Python uses BeautifulSoup to implement reptilian _python

Source: Internet
Author: User

I used to talk about using PHANTOMJS as a crawler to catch a Web page http://www.jb51.net/article/55789.htm is made with a selector.

Using the Python module BeautifulSoup (document: http://www.crummy.com/software/BeautifulSoup/bs4/doc/), it's easy to crawl Web content

# coding=utf-8
import urllib from
bs4 import beautifulsoup

url = ' http://www.baidu.com/s '
values ={' WD ': ' Tennis '}
Encoded_param = Urllib.urlencode (values)
full_url = URL + '? ' + Encoded_param
response = Urllib.urlopen (full_url)
soup =beautifulsoup (response)
alinks = Soup.find_all (' a ')

The above can crawl Baidu search out the result is a tennis record.

BeautifulSoup has a number of very useful methods built into it.

Some of the more useful features:

Construct a node element

Copy Code code as follows:

Soup = BeautifulSoup (' <b class= ' boldest ">extremely bold</b> ')
Tag = soup.b
Type (TAG)
# <class ' Bs4.element.Tag ' >

Properties can be obtained using attr, and the result is a dictionary

Copy Code code as follows:

Tag.attrs
# {U ' class ': U ' boldest '}

or directly tag.class to take the attribute.

You can also manipulate properties freely

Tag[' class '] = ' verybold '
tag[' id ' = 1
tag
# <blockquote class= "Verybold" id= "1" >extremely bold< /blockquote>

del tag[' class ']
del tag[' id '
tag
# <blockquote>extremely bold</ Blockquote>

tag[' class ']
# keyerror: ' Class '
print (Tag.get (' class ')
# None

You can also find DOM elements, such as the following example, in a casual operation.

1. Build a document

Html_doc = "" "
soup = BeautifulSoup (Html_doc)

2. Various

Soup.head #  
Related Article

Contact Us

The content source of this page is from Internet, which doesn't represent Alibaba Cloud's opinion; products and services mentioned on that page don't have any relationship with Alibaba Cloud.
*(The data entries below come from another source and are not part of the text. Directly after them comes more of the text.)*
(* Let $\boldsymbol X \in \mathbb{R}^{n\times d}$, $\boldsymbol y \in \mathbb{R}^n$, $\boldsymbol M = \boldsymbol X^\top \boldsymbol X$, $\boldsymbol r = \boldsymbol X^\top \boldsymbol y$. Assume (A1) $\boldsymbol r > \mathbf 0$ and (A2) $M_{ij}\le 0$ for all $i\neq j$. Let $\boldsymbol C>\mathbf 0$, $\boldsymbol k>\mathbf 0$ in $\mathbb{R}^d$, and for $\varepsilon>0$ let $\boldsymbol\theta^{(\varepsilon)}(t)$ solve $$\frac{\mathrm d \theta_i}{\mathrm d t} = \theta_i\Big(r_i - \sum_{j=1}^d M_{ij}\theta_j\Big),\quad i=1,\dots,d,$$ with $\boldsymbol\theta^{(\varepsilon)}(0) = (C_1\varepsilon^{k_1},\dots,C_d\varepsilon^{k_d})$. Then there exists $B>0$ such that $\Vert\boldsymbol\theta^{(\varepsilon)}(t)\Vert\le B$ for all $\varepsilon\in(0,1]$ and all $t\ge 0$.
   Context: Vector inequalities are coordinatewise; $\Vert\cdot\Vert$ is the Euclidean norm. *)

From HB Require Import structures.
From mathcomp Require Import all_boot all_order all_algebra.
From mathcomp Require Import all_classical all_reals all_analysis.
Set Implicit Arguments. Unset Strict Implicit. Unset Printing Implicit Defensive.
Import Order.TTheory GRing.Theory Num.Theory.
Import numFieldNormedType.Exports.
Local Open Scope classical_set_scope.
Local Open Scope ring_scope.

Definition eucl_norm (R : realType) (d : nat) (v : 'I_d -> R) : R :=
  Num.sqrt (\sum_(i < d) v i ^+ 2).

Definition lv_field (R : realType) (d : nat) (M : 'M[R]_d) (r : 'cV[R]_d)
  (th : 'I_d -> R) (i : 'I_d) : R :=
  th i * (r i 0 - \sum_(j < d) M i j * th j).

Definition lv_solution (R : realType) (d : nat) (M : 'M[R]_d) (r : 'cV[R]_d)
  (x : R -> 'I_d -> R) (x0 : 'I_d -> R) : Prop :=
  forall i : 'I_d,
    x 0 i = x0 i /\
    ((fun s => x s i) @ 0^'+ --> x0 i) /\
    (forall t : R, 0 < t -> is_derive t (1 : R) (fun s => x s i) (lv_field M r (x t) i)).

From HB Require Import structures.
From mathcomp Require Import all_boot all_order all_algebra.
From mathcomp Require Import all_classical all_reals all_analysis.
From mathcomp Require Import ring lra.
Import Order.TTheory GRing.Theory Num.Theory.
Import numFieldNormedType.Exports.
Local Open Scope classical_set_scope.
Local Open Scope ring_scope.

(* Along a solution of the Lotka-Volterra system with M = X^T X and r = X^T y, the
   per-capita growth rate is g = r - M theta = - X^T (X theta - y), so the least-squares
   energy ||X theta - y||^2 has derivative -2 sum_i theta_i g_i^2: it does not increase
   while theta >= 0.  Positivity is preserved by any Lotka-Volterra flow: theta_i' =
   theta_i g_i with g_i bounded below on compact time intervals, so theta_i e^(K t) is
   nondecreasing there (a Groenwall argument), and a real induction propagates this
   along [0, +oo).  A bounded energy bounds the residual X theta - y, hence
   r . theta = y^T X theta, which controls every theta_i >= 0 because r > 0.  The
   initial data C_i eps^k_i lie in (0, C_i], so the bound is uniform in eps; the sign
   condition (A2) on the off-diagonal entries of M is not needed. *)

Lemma trmx_mulmxE (R : pzRingType) (m p q : nat) (A : 'M[R]_(m, p))
  (B : 'M[R]_(m, q)) (i : 'I_p) (j : 'I_q) : (A^T *m B) i j = \sum_(k < m) A k i * B k j.
Proof. by rewrite mxE; apply: eq_bigr => k _; rewrite mxE. Qed.

Lemma sum_le_of_weighted_sum_le (R : realFieldType) (m : nat) (c v : 'I_m -> R)
  (Q : R) :
  (forall i, 0 < c i) -> (forall i, 0 <= v i) -> \sum_(i < m) c i * v i <= Q ->
  \sum_(i < m) v i <= \sum_(i < m) Q / c i.
Proof.
move=> c_gt0 v_ge0 dot_le; apply: ler_sum => i _; rewrite ler_pdivlMr // mulrC.
apply: le_trans dot_le; rewrite (bigD1 i) //= lerDl.
by apply: sumr_ge0 => j _; apply: mulr_ge0; [exact: ltW | exact: v_ge0].
Qed.

Section RealAnalysis.
Context {R : realType}.

Lemma real_ind_ge0 (P : R -> Prop) :
  (forall t, 0 <= t -> P t -> \forall s \near t^'+, P s) ->
  (forall t, 0 <= t -> (forall s, 0 <= s < t -> P s) -> P t) ->
  forall t, 0 <= t -> P t.
Proof.
move=> P_right P_left t t0; apply: contrapT => nPt.
pose S := [set s | 0 <= s /\ ~ P s].
have S_ne : S !=set0 by exists t.
have inf_le s : S s -> inf S <= s.
  by move=> Ss; apply: ge_inf Ss; exists 0 => u [].
have inf_ge0 : 0 <= inf S by apply: lb_le_inf => // u [].
have P_inf : P (inf S).
  apply: P_left => // s /andP[s0 s_lt]; apply: contrapT => nPs.
  by have := inf_le s (conj s0 nPs); rewrite leNgt s_lt.
have /nbhs_normP[e /= e0 P_near] := P_right _ inf_ge0 P_inf.
have [s [s0 nPs] s_lt] : exists2 s, S s & s < inf S + e.
  by apply: inf_lt => //; rewrite ltrDl.
have := inf_le s (conj s0 nPs); rewrite le_eqVlt => /predU1P[s_inf|inf_lt_s].
  by apply: nPs; rewrite -s_inf.
apply: nPs; apply: P_near => //=.
by rewrite ltr0_norm ?subr_lt0 // opprB ltrBlDl.
Qed.

Lemma is_derive_expRM (K x : R) :
  is_derive x 1 (fun s => expR (K * s)) (K * expR (K * x)).
Proof.
have dK : is_derive x 1 (fun s => K * s) K.
  exact: is_derive_eq (is_deriveZ K (is_derive_id x 1)) (mulr1 K).
by rewrite mulrC; exact: is_derive1_comp (is_derive_expR _) dK.
Qed.

Lemma gronwall_lower (f df : R -> R) (K a b : R) : a <= b ->
  (forall x, a <= x <= b -> is_derive x 1 f (df x)) ->
  (forall x, a < x < b -> - K * f x <= df x) ->
  f a * expR (K * a) <= f b * expR (K * b).
Proof.
move=> ab f_df df_ge.
pose psi x := f x * expR (K * x).
have psi_der x : a <= x <= b ->
    is_derive x 1 psi (expR (K * x) * (df x + K * f x)).
  move=> /f_df fx; apply: is_derive_eq (is_deriveM fx (is_derive_expRM K x)) _.
  by rewrite /GRing.scale /=; ring.
have psi_derivable x : a <= x <= b -> derivable psi x 1.
  by move=> /psi_der psi_x; exact: ex_derive.
apply: (@ger0_derive1_le_cc _ psi a b); rewrite ?in_itv /= ?lexx ?ab //.
- by move=> x; rewrite in_itv /= => /andP[ax xb]; apply: psi_derivable; rewrite !ltW.
- move=> x; rewrite in_itv /= => x_ab.
  have /andP[ax xb] := x_ab.
  have psi_x : is_derive x 1 psi (expR (K * x) * (df x + K * f x)).
    by apply: psi_der; rewrite !ltW.
  rewrite derive1E derive_val.
  by apply: mulr_ge0; [exact: expR_ge0 | have := df_ge x x_ab; lra].
- by apply: derivable_within_continuous => x; rewrite in_itv /=; exact: psi_derivable.
Qed.

Lemma abs_le_eucl_norm {m : nat} (v : 'I_m -> R) (i : 'I_m) :
  `|v i| <= eucl_norm v.
Proof.
rewrite /eucl_norm -sqrtr_sqr ler_sqrt ?sumr_ge0 // => [|j _]; last exact: sqr_ge0.
by rewrite (bigD1 i) //= lerDl sumr_ge0 // => j _; exact: sqr_ge0.
Qed.

Lemma eucl_norm_le_sum {m : nat} (v : 'I_m -> R) :
  (forall i, 0 <= v i) -> eucl_norm v <= \sum_(i < m) v i.
Proof.
move=> v_ge0; have sum_ge0 : 0 <= \sum_(i < m) v i by exact: sumr_ge0.
rewrite /eucl_norm -(ger0_norm sum_ge0) -sqrtr_sqr ler_sqrt; last exact: sqr_ge0.
rewrite expr2 mulr_suml; apply: ler_sum => i _; rewrite expr2 ler_wpM2l //.
by rewrite (bigD1 i) //= lerDl sumr_ge0.
Qed.

End RealAnalysis.

Definition lv_rate {R : realType} {d : nat} (M : 'M[R]_d) (r : 'cV[R]_d)
  (th : 'I_d -> R) (i : 'I_d) : R :=
  r i 0 - \sum_(j < d) M i j * th j.

Section LotkaVolterra.
Context {R : realType} {d : nat} {M : 'M[R]_d} {r : 'cV[R]_d}.
Context {th : R -> 'I_d -> R} {x0 : 'I_d -> R}.
Hypothesis th_sol : lv_solution M r th x0.

Lemma lv_solution_init : th 0 = x0.
Proof. by apply/funext => i; have [] := th_sol i. Qed.

Lemma lv_solution_is_derive (i : 'I_d) {t : R} : 0 < t ->
  is_derive t 1 (fun s => th s i) (th t i * lv_rate M r (th t) i).
Proof. by have [_ [_ th_der]] := th_sol i; exact: th_der. Qed.

Lemma lv_solution_cvg_right (i : 'I_d) {t : R} : 0 <= t ->
  th s i @[s --> t^'+] --> th t i.
Proof.
rewrite le_eqVlt => /predU1P[<-|t0].
  by rewrite lv_solution_init; have [_ []] := th_sol i.
apply: cvg_at_right_filter; apply: differentiable_continuous.
have th_der := lv_solution_is_derive i t0.
by rewrite -derivable1_diffP; exact: ex_derive.
Qed.

Lemma derivable_lv_rate (i : 'I_d) {t : R} : 0 < t ->
  derivable (fun s => lv_rate M r (th s) i) t 1.
Proof.
move=> t0.
have -> : (fun s => lv_rate M r (th s) i) =
          cst (r i 0) - \sum_(j < d) (M i j \*: (fun s => th s j)).
  by apply/funext => s; rewrite /lv_rate /= fct_sumE.
apply: derivableB; first exact: derivable_cst.
apply: derivable_sum => j; apply: derivableZ.
have th_der := lv_solution_is_derive j t0; exact: ex_derive.
Qed.

Lemma lv_solution_gt0_at (t : R) : 0 < t ->
  (forall s, 0 < s < t -> forall i, 0 < th s i) -> forall i, 0 < th t i.
Proof.
move=> t0 th_gt0 i.
have half_gt0 : 0 < t / 2 by rewrite divr_gt0.
have half_lt : t / 2 < t by rewrite ltr_pdivrMr // mulr_natr mulr2n ltrDr.
have [c _ rate_min] : exists2 c, c \in `[t / 2, t] &
    forall s, s \in `[t / 2, t] -> lv_rate M r (th c) i <= lv_rate M r (th s) i.
  apply: EVT_min; first exact: ltW.
  apply: derivable_within_continuous => s; rewrite in_itv /= => /andP[half_le_s _].
  exact/(derivable_lv_rate i)/(lt_le_trans half_gt0 half_le_s).
set K := - lv_rate M r (th c) i.
have growth : th (t / 2) i * expR (K * (t / 2)) <= th t i * expR (K * t).
  apply: (@gronwall_lower _ (fun s => th s i) (fun s => th s i * lv_rate M r (th s) i)).
  - exact: ltW.
  - move=> s /andP[half_le_s _] /=.
    exact/(lv_solution_is_derive i)/(lt_le_trans half_gt0 half_le_s).
  - move=> s /andP[half_lt_s s_lt]; rewrite opprK mulrC ler_wpM2l //.
      by apply: ltW; apply: th_gt0; rewrite s_lt (lt_trans half_gt0 half_lt_s).
    by apply: rate_min; rewrite in_itv /= !ltW.
have : 0 < th (t / 2) i * expR (K * (t / 2)).
  by rewrite mulr_gt0 ?expR_gt0 // th_gt0 // half_gt0 half_lt.
by move/lt_le_trans/(_ growth); rewrite pmulr_lgt0 // expR_gt0.
Qed.

Lemma lv_solution_gt0 (x0_gt0 : forall i, 0 < x0 i) {t : R} : 0 <= t ->
  forall i, 0 < th t i.
Proof.
move: t; apply: real_ind_ge0 => t t0.
  move=> th_t_gt0; apply: filter_forall => i.
  exact: cvgr_gt (lv_solution_cvg_right i t0) _ (th_t_gt0 i).
move: t0; rewrite le_eqVlt => /predU1P[<- _|t0 th_gt0]; first by rewrite lv_solution_init.
by apply: lv_solution_gt0_at => // s /andP[s0 st]; apply: th_gt0; rewrite st ltW.
Qed.

End LotkaVolterra.

Definition residual {R : realType} {n d : nat} (X : 'M[R]_(n, d)) (y : 'cV[R]_n)
  (v : 'I_d -> R) (k : 'I_n) : R :=
  \sum_(i < d) X k i * v i - y k 0.

Definition lsq_energy {R : realType} {n d : nat} (X : 'M[R]_(n, d)) (y : 'cV[R]_n)
  (v : 'I_d -> R) : R :=
  \sum_(k < n) residual X y v k ^+ 2.

Definition lsq_energy_bound {R : realType} {n d : nat} (X : 'M[R]_(n, d))
  (y : 'cV[R]_n) (C : 'I_d -> R) : R :=
  \sum_(k < n) (\sum_(i < d) `|X k i| * C i + `|y k 0|) ^+ 2.

Definition lv_lsq_bound {R : realType} {n d : nat} (X : 'M[R]_(n, d))
  (y : 'cV[R]_n) (C : 'I_d -> R) : R :=
  \sum_(i < d) (\sum_(k < n) `|y k 0| * (Num.sqrt (lsq_energy_bound X y C) + `|y k 0|))
               / (X^T *m y) i 0.

Section LeastSquares.
Context {R : realType} {n d : nat} (X : 'M[R]_(n, d)) (y : 'cV[R]_n).

Lemma lv_rate_lsq (v : 'I_d -> R) (i : 'I_d) :
  lv_rate (X^T *m X) (X^T *m y) v i = - \sum_(k < n) X k i * residual X y v k.
Proof.
rewrite /lv_rate /residual trmx_mulmxE.
under [in RHS]eq_bigr do rewrite mulrBr.
rewrite sumrB opprB; congr (_ - _).
under eq_bigr do rewrite trmx_mulmxE mulr_suml.
rewrite exchange_big /=; apply: eq_bigr => k _.
by rewrite mulr_sumr; apply: eq_bigr => j _; rewrite mulrA.
Qed.

Lemma lsq_rhs_dot (v : 'I_d -> R) :
  \sum_(i < d) (X^T *m y) i 0 * v i = \sum_(k < n) y k 0 * (residual X y v k + y k 0).
Proof.
under eq_bigr do rewrite trmx_mulmxE mulr_suml.
rewrite exchange_big /=; apply: eq_bigr => k _.
by rewrite /residual subrK mulr_sumr; apply: eq_bigr => i _; rewrite mulrCA mulrA.
Qed.

Lemma lsq_rhs_dot_le (v : 'I_d -> R) (E : R) : lsq_energy X y v <= E ->
  \sum_(i < d) (X^T *m y) i 0 * v i <= \sum_(k < n) `|y k 0| * (Num.sqrt E + `|y k 0|).
Proof.
move=> energy_le; rewrite lsq_rhs_dot; apply: ler_sum => k _.
have res_le : `|residual X y v k| <= Num.sqrt E.
  by apply: le_trans (abs_le_eucl_norm (residual X y v) k) _; exact: ler_wsqrtr.
apply: le_trans (ler_norm _) _; rewrite normrM ler_wpM2l //.
by apply: le_trans (ler_normD _ _) _; rewrite lerD2r.
Qed.

Lemma lsq_energy_le_bound (v C : 'I_d -> R) : (forall i, 0 <= v i <= C i) ->
  lsq_energy X y v <= lsq_energy_bound X y C.
Proof.
move=> v_bd; apply: ler_sum => k _.
have res_le : `|residual X y v k| <= \sum_(i < d) `|X k i| * C i + `|y k 0|.
  apply: le_trans (ler_normB _ _) _; rewrite lerD2r.
  apply: le_trans (ler_norm_sum _ _ _) _; apply: ler_sum => i _.
  by have /andP[v0 vC] := v_bd i; rewrite normrM ler_wpM2l // ger0_norm.
rewrite -real_normK ?num_real // ler_sqr ?nnegrE //.
exact: le_trans res_le.
Qed.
If the content of the page makes you feel confusing, please write us an email, we will handle the problem within 5 days after receiving your email.

If you find any instances of plagiarism from the community, please send an email to: info-contact@alibabacloud.com and provide relevant evidence. A staff member will contact you within 5 working days.

A Free Trial That Lets You Build Big!

Start building with 50+ products and up to 12 months usage for Elastic Compute Service

  • Sales Support

    1 on 1 presale consultation

  • After-Sales Support

    24/7 Technical Support 6 Free Tickets per Quarter Faster Response

  • Alibaba Cloud offers highly flexible support services tailored to meet your exact needs.